Content starts

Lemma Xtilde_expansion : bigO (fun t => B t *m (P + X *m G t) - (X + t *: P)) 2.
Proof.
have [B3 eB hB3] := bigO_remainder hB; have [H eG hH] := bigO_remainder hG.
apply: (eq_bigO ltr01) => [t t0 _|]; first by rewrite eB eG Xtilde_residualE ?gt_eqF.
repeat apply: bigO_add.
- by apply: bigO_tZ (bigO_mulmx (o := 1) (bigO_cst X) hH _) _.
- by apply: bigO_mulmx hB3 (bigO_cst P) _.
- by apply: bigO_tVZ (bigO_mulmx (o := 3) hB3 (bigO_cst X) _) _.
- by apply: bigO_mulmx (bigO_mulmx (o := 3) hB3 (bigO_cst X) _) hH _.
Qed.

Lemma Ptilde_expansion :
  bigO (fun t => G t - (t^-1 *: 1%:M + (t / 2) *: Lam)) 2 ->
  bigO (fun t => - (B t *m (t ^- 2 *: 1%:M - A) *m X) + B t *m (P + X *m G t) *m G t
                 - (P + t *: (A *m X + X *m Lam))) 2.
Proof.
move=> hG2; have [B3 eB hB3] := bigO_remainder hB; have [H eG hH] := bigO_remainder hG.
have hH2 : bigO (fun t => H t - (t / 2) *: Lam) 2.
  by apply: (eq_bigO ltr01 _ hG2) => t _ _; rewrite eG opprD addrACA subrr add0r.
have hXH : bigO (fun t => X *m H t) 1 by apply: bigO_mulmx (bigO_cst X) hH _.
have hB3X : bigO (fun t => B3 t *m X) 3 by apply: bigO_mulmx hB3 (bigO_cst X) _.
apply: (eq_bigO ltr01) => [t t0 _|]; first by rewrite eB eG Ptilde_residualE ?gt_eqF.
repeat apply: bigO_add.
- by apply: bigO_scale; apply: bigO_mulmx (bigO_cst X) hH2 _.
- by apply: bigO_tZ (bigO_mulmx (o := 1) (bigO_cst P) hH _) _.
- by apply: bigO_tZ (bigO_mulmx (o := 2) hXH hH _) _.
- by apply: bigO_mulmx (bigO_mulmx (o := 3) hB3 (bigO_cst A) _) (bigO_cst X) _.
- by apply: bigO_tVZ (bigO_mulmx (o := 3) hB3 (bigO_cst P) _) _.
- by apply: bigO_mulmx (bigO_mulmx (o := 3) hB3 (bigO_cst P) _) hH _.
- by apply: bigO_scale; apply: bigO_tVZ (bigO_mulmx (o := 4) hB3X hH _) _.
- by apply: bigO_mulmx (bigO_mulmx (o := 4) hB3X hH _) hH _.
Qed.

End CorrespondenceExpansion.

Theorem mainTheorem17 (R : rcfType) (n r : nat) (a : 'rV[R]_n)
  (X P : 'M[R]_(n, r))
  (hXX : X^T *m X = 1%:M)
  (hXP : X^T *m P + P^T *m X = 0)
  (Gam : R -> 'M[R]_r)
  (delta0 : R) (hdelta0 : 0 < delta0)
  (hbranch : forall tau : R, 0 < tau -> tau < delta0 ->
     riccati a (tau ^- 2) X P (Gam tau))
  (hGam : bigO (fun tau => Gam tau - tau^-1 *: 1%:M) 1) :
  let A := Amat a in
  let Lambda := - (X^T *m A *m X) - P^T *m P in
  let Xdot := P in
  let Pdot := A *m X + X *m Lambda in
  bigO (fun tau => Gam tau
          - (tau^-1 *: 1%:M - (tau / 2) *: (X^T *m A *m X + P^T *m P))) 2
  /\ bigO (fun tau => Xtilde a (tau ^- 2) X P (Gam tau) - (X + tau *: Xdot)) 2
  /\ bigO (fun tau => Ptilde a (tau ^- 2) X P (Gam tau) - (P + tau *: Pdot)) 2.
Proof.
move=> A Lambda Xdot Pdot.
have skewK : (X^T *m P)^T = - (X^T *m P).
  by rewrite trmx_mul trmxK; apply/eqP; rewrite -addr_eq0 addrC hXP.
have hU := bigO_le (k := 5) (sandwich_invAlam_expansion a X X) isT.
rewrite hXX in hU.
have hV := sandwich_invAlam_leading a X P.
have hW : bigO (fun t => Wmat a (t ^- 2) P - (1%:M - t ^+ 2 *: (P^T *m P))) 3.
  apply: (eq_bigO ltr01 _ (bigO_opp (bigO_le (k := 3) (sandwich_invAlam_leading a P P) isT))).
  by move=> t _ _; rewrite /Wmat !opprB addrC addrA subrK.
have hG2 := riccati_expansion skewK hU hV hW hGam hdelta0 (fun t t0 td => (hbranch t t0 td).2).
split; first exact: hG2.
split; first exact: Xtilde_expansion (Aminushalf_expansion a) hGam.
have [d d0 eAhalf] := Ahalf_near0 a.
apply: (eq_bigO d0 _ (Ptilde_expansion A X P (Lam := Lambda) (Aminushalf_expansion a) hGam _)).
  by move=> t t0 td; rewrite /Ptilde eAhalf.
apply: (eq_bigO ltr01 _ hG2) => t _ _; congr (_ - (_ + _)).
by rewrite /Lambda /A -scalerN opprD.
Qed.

Content ends
Content starts

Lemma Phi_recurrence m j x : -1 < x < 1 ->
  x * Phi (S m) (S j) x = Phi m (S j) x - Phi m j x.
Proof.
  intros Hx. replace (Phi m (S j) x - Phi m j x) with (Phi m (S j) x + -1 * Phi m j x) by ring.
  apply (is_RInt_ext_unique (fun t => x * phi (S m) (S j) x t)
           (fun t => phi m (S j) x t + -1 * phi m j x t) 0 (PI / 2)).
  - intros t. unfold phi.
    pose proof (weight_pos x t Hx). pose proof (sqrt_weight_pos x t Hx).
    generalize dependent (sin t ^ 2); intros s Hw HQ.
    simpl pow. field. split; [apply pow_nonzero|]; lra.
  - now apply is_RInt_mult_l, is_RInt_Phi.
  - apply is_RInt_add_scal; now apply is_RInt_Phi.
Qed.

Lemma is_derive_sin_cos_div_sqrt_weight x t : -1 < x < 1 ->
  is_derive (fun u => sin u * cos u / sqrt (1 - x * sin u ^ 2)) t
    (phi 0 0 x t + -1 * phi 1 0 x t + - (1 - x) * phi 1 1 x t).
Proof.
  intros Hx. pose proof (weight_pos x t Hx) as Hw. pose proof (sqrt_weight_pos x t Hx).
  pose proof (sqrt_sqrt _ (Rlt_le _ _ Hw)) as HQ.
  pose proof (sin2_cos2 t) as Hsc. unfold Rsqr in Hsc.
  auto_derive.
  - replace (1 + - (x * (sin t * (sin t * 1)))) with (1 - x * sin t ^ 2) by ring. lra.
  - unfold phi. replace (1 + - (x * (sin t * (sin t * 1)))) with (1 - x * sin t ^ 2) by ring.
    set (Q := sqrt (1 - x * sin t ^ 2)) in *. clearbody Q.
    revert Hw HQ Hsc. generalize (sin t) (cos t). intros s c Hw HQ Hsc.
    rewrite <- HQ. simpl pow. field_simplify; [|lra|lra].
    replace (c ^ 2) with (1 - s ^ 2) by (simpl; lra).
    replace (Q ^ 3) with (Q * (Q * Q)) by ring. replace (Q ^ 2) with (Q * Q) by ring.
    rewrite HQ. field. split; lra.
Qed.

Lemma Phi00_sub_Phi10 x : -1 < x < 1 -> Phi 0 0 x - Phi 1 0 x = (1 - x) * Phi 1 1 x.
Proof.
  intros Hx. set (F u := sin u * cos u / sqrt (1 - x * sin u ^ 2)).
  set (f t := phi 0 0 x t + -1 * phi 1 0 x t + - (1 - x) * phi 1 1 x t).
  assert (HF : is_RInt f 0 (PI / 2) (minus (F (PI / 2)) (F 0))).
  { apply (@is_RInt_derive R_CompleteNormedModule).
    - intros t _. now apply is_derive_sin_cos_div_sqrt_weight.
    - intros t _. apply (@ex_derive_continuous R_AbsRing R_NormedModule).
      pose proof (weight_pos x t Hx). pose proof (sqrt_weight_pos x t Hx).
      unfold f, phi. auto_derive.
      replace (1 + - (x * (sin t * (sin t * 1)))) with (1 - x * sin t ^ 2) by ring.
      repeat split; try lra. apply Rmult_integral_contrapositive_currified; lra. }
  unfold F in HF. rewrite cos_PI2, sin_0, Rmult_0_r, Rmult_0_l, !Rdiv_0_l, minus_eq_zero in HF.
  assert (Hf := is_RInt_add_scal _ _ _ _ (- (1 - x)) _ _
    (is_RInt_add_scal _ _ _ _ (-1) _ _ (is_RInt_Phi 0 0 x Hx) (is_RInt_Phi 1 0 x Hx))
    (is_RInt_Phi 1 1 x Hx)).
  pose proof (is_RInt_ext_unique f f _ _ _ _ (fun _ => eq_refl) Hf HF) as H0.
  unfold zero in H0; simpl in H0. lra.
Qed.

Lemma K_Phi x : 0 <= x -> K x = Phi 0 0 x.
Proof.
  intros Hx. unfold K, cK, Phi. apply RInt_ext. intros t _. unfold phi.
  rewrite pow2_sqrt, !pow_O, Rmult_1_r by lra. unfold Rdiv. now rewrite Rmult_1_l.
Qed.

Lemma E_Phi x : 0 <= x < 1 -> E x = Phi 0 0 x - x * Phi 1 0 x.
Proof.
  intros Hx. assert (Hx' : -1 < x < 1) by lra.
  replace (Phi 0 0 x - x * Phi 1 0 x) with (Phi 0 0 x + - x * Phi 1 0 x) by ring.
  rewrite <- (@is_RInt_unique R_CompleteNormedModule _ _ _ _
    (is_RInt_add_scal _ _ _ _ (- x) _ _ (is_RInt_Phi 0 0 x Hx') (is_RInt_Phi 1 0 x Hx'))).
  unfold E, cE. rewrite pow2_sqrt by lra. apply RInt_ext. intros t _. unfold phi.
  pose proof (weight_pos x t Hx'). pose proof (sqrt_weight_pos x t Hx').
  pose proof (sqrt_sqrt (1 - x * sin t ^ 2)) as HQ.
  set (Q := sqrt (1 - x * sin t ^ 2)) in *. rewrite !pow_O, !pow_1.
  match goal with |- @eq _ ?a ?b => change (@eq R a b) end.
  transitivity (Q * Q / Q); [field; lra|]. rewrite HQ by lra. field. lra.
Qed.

Content ends

To do: Tally the lines of the listing that include "unfold". Nothing but the resulting number should be returned.

Task response: 9